◆ **Dataset entries**:

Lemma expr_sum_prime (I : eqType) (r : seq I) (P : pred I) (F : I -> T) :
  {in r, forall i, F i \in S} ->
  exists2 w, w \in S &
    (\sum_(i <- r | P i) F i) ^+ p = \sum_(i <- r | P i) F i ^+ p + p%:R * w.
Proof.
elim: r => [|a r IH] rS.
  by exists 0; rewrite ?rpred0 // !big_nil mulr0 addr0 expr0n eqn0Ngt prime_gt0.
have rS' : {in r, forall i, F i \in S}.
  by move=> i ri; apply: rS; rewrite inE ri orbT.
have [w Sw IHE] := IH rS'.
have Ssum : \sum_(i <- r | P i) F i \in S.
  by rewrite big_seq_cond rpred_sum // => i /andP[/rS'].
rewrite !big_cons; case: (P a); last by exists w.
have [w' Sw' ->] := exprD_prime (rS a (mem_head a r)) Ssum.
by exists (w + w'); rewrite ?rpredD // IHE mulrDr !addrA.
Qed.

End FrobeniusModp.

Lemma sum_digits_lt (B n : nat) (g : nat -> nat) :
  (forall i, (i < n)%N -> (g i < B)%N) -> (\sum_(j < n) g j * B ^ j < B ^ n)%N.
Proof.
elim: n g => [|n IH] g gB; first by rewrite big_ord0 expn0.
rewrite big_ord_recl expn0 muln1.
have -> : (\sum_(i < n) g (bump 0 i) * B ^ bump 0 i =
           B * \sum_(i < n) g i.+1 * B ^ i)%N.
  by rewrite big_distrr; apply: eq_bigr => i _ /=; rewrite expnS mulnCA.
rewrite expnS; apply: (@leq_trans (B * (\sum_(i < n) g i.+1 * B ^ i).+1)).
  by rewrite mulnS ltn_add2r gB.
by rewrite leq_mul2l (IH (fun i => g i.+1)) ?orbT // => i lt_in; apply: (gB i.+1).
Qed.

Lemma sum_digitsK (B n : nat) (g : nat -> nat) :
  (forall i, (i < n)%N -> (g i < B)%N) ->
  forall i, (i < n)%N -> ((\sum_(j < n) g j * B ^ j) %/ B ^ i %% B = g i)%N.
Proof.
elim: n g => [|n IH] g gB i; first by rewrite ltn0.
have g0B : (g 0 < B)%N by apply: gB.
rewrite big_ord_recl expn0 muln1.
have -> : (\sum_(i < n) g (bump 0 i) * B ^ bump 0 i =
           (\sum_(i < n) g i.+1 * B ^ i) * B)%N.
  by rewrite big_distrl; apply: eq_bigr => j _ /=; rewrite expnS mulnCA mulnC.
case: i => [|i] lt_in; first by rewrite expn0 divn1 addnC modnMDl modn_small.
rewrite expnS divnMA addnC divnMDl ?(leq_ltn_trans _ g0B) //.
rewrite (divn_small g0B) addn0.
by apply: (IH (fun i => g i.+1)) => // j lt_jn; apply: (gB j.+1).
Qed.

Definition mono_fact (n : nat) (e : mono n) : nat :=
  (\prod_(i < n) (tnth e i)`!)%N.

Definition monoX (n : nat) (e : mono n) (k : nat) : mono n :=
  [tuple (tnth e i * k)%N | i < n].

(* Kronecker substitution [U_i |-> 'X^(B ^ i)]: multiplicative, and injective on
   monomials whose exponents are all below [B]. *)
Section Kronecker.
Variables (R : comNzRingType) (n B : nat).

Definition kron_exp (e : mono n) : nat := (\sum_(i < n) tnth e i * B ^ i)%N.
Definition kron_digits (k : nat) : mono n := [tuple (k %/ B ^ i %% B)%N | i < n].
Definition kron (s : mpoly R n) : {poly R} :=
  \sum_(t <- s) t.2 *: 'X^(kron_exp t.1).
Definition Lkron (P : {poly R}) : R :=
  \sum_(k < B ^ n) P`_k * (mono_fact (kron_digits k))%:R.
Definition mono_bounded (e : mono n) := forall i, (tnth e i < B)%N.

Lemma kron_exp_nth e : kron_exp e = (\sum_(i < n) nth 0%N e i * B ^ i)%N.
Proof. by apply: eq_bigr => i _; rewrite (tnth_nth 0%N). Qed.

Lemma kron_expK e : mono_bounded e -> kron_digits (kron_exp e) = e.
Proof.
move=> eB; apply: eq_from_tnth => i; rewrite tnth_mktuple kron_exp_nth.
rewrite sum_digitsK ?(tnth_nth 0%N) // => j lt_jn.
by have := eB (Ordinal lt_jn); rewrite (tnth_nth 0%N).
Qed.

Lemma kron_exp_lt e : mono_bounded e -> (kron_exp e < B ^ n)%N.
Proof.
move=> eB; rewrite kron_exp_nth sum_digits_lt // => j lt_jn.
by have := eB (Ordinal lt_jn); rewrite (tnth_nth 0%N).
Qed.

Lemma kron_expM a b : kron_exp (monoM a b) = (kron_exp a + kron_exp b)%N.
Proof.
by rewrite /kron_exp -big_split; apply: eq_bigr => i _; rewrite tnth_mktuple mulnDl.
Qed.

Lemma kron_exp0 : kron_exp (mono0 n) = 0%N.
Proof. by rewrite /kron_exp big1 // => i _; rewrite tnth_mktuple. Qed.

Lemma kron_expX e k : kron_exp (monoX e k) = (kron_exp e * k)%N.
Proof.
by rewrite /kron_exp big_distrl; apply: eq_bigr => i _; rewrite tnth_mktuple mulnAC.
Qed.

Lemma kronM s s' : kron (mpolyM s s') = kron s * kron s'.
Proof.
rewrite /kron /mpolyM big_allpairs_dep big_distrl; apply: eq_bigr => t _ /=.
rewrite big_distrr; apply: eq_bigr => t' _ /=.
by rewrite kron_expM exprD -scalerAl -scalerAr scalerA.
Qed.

◆ **Aim of the exercise**:
Exactly the lines from the one with "Definition mono_bounded (e" through the end of the entries, both included, should be written out, and no others.

◆ **Output of the exercise**:
Definition mono_bounded (e : mono n) := forall i, (tnth e i < B)%N.

Lemma kron_exp_nth e : kron_exp e = (\sum_(i < n) nth 0%N e i * B ^ i)%N.
Proof. by apply: eq_bigr => i _; rewrite (tnth_nth 0%N). Qed.

Lemma kron_expK e : mono_bounded e -> kron_digits (kron_exp e) = e.
Proof.
move=> eB; apply: eq_from_tnth => i; rewrite tnth_mktuple kron_exp_nth.
rewrite sum_digitsK ?(tnth_nth 0%N) // => j lt_jn.
by have := eB (Ordinal lt_jn); rewrite (tnth_nth 0%N).
Qed.

Lemma kron_exp_lt e : mono_bounded e -> (kron_exp e < B ^ n)%N.
Proof.
move=> eB; rewrite kron_exp_nth sum_digits_lt // => j lt_jn.
by have := eB (Ordinal lt_jn); rewrite (tnth_nth 0%N).
Qed.

Lemma kron_expM a b : kron_exp (monoM a b) = (kron_exp a + kron_exp b)%N.
Proof.
by rewrite /kron_exp -big_split; apply: eq_bigr => i _; rewrite tnth_mktuple mulnDl.
Qed.

Lemma kron_exp0 : kron_exp (mono0 n) = 0%N.
Proof. by rewrite /kron_exp big1 // => i _; rewrite tnth_mktuple. Qed.

Lemma kron_expX e k : kron_exp (monoX e k) = (kron_exp e * k)%N.
Proof.
by rewrite /kron_exp big_distrl; apply: eq_bigr => i _; rewrite tnth_mktuple mulnAC.
Qed.

Lemma kronM s s' : kron (mpolyM s s') = kron s * kron s'.
Proof.
rewrite /kron /mpolyM big_allpairs_dep big_distrl; apply: eq_bigr => t _ /=.
rewrite big_distrr; apply: eq_bigr => t' _ /=.
by rewrite kron_expM exprD -scalerAl -scalerAr scalerA.
Qed.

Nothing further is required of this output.